WHAT IS REQUIRED
Output only these lines, set down exactly: the one containing "Definition almost_disjoint (P" and each line after it through the end of the records.

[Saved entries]
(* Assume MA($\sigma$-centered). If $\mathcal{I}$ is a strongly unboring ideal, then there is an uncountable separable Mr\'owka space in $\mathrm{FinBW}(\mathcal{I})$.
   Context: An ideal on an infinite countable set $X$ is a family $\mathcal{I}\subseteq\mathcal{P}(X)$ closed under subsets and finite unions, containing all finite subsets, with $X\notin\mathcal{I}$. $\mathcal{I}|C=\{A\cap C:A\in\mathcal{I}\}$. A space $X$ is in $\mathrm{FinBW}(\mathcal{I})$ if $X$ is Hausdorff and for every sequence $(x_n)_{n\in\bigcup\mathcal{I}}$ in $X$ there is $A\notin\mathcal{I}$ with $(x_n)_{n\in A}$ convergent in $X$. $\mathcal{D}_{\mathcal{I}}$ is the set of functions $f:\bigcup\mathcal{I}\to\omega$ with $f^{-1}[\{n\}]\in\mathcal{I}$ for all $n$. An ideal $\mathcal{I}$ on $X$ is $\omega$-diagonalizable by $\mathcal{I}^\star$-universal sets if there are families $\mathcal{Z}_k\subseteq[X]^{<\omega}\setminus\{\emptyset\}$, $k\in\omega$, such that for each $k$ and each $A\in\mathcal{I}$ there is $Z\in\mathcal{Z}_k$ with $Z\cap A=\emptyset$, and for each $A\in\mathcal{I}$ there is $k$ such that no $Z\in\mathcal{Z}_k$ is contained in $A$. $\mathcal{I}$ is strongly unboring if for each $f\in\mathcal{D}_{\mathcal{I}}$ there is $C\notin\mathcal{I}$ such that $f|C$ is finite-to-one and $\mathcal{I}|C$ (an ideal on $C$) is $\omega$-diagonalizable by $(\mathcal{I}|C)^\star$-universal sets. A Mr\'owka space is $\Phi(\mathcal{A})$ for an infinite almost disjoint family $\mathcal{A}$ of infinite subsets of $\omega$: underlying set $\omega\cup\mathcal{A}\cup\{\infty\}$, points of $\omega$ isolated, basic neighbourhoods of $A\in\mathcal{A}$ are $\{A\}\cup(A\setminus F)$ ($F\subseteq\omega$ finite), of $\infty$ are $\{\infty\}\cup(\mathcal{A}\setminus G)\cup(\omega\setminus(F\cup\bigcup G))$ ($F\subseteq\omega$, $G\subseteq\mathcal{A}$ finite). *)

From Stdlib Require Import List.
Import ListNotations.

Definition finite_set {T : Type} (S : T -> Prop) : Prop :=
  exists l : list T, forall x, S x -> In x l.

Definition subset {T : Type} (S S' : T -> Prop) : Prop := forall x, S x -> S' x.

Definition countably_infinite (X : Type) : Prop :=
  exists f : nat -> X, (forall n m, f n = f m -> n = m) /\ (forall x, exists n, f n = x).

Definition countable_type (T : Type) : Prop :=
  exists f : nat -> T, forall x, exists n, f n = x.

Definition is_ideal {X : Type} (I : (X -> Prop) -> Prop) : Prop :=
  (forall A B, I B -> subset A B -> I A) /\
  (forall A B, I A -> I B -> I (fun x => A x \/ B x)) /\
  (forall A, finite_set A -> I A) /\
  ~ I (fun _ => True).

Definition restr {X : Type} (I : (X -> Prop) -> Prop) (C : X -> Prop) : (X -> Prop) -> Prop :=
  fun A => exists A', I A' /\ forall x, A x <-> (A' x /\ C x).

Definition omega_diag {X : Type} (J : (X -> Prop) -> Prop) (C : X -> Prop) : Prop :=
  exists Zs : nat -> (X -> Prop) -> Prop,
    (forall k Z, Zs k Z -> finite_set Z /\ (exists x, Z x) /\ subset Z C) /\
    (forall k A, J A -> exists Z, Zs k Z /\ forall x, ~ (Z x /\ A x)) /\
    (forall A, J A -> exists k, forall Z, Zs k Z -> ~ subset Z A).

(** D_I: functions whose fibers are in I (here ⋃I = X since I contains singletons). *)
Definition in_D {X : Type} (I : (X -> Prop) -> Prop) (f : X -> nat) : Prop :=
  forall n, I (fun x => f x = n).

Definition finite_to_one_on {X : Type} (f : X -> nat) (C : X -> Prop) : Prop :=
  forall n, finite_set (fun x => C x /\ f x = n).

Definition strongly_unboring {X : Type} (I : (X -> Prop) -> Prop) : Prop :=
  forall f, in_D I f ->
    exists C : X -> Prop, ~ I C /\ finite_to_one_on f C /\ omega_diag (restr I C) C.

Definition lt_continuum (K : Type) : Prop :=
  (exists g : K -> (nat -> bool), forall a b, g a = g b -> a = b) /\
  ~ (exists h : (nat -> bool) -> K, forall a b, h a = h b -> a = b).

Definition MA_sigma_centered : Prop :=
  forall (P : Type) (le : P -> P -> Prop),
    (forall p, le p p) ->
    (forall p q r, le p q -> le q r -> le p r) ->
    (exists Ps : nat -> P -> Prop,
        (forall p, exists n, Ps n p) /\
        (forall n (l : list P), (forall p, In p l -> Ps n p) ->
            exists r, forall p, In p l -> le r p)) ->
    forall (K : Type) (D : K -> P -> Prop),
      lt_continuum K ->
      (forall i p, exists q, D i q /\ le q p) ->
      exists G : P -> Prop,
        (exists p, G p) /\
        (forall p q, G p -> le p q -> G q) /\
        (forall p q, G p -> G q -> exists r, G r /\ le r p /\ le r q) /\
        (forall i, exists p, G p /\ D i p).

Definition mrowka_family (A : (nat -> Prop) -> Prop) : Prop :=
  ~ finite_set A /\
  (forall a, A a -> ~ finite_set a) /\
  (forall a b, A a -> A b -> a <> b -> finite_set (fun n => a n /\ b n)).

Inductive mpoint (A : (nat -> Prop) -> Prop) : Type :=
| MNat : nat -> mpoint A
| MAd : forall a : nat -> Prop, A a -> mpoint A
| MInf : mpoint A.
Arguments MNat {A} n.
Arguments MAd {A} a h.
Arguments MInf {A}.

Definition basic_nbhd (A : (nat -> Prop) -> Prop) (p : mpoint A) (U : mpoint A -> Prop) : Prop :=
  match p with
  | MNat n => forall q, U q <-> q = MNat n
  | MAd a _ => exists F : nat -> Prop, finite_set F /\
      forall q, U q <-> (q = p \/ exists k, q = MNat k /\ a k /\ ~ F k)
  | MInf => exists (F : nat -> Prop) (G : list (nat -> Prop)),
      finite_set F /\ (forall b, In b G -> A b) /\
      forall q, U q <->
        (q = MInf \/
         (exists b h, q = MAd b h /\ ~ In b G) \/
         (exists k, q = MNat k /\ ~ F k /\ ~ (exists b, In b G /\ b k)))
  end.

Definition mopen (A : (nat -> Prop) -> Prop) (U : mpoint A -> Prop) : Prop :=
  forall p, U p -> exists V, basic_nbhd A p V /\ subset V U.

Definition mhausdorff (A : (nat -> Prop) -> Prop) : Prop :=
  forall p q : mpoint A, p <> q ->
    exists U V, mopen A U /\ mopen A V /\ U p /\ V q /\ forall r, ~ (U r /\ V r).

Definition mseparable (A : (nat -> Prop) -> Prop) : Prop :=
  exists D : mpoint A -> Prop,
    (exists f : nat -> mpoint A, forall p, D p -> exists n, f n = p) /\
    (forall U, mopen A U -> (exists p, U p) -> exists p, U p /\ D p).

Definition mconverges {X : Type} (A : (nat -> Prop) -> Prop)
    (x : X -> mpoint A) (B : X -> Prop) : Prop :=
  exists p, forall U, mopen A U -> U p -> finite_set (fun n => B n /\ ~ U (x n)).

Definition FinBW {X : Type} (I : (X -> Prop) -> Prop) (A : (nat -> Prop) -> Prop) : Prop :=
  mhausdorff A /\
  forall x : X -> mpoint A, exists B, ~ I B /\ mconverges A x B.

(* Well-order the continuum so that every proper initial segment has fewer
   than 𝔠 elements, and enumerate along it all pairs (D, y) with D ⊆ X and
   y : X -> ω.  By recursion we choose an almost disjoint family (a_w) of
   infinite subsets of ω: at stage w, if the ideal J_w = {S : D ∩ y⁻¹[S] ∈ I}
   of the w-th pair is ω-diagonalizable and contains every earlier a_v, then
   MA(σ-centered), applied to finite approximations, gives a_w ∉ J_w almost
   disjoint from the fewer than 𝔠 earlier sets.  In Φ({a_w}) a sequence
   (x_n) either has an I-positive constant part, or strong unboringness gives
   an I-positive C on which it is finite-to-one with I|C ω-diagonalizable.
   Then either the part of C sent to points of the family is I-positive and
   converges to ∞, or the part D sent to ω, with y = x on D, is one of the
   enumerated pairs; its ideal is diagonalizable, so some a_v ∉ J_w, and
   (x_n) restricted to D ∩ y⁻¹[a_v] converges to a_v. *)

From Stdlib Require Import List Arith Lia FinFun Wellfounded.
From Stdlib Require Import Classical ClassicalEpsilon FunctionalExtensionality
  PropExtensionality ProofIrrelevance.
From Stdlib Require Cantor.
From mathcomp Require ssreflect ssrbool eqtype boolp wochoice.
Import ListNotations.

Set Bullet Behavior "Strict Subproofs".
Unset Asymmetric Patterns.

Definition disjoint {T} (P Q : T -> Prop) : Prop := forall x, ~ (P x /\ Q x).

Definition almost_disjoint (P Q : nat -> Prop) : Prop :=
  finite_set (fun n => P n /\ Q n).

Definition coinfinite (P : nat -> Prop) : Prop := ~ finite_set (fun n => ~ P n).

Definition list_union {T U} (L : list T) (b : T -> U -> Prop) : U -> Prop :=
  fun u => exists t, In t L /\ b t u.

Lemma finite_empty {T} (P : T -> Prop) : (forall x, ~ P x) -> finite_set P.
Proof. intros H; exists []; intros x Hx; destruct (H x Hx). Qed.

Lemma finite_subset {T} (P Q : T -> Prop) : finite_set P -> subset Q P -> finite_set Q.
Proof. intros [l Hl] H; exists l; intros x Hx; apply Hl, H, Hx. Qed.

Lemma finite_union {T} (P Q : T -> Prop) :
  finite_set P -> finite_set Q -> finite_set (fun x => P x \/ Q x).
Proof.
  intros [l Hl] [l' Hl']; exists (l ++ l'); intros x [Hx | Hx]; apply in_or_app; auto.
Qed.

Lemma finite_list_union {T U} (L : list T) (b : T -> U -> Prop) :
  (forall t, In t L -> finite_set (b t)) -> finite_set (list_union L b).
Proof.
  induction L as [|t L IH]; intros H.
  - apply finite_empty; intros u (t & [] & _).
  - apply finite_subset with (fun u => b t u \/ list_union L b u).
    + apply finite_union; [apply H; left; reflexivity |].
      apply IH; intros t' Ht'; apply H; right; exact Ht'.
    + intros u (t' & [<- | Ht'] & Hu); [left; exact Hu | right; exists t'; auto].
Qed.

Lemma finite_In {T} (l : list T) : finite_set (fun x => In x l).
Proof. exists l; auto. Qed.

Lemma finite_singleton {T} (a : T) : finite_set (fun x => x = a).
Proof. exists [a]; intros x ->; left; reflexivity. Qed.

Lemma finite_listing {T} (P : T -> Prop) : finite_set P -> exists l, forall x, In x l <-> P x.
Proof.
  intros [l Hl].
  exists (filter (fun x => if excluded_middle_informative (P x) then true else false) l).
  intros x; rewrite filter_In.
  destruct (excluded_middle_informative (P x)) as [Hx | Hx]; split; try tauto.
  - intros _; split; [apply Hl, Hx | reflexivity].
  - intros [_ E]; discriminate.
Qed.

EXERCISE OUTPUT
Definition almost_disjoint (P Q : nat -> Prop) : Prop :=
  finite_set (fun n => P n /\ Q n).

Definition coinfinite (P : nat -> Prop) : Prop := ~ finite_set (fun n => ~ P n).

Definition list_union {T U} (L : list T) (b : T -> U -> Prop) : U -> Prop :=
  fun u => exists t, In t L /\ b t u.

Lemma finite_empty {T} (P : T -> Prop) : (forall x, ~ P x) -> finite_set P.
Proof. intros H; exists []; intros x Hx; destruct (H x Hx). Qed.

Lemma finite_subset {T} (P Q : T -> Prop) : finite_set P -> subset Q P -> finite_set Q.
Proof. intros [l Hl] H; exists l; intros x Hx; apply Hl, H, Hx. Qed.

Lemma finite_union {T} (P Q : T -> Prop) :
  finite_set P -> finite_set Q -> finite_set (fun x => P x \/ Q x).
Proof.
  intros [l Hl] [l' Hl']; exists (l ++ l'); intros x [Hx | Hx]; apply in_or_app; auto.
Qed.

Lemma finite_list_union {T U} (L : list T) (b : T -> U -> Prop) :
  (forall t, In t L -> finite_set (b t)) -> finite_set (list_union L b).
Proof.
  induction L as [|t L IH]; intros H.
  - apply finite_empty; intros u (t & [] & _).
  - apply finite_subset with (fun u => b t u \/ list_union L b u).
    + apply finite_union; [apply H; left; reflexivity |].
      apply IH; intros t' Ht'; apply H; right; exact Ht'.
    + intros u (t' & [<- | Ht'] & Hu); [left; exact Hu | right; exists t'; auto].
Qed.

Lemma finite_In {T} (l : list T) : finite_set (fun x => In x l).
Proof. exists l; auto. Qed.

Lemma finite_singleton {T} (a : T) : finite_set (fun x => x = a).
Proof. exists [a]; intros x ->; left; reflexivity. Qed.

Lemma finite_listing {T} (P : T -> Prop) : finite_set P -> exists l, forall x, In x l <-> P x.
Proof.
  intros [l Hl].
  exists (filter (fun x => if excluded_middle_informative (P x) then true else false) l).
  intros x; rewrite filter_In.
  destruct (excluded_middle_informative (P x)) as [Hx | Hx]; split; try tauto.
  - intros _; split; [apply Hl, Hx | reflexivity].
  - intros [_ E]; discriminate.
Qed.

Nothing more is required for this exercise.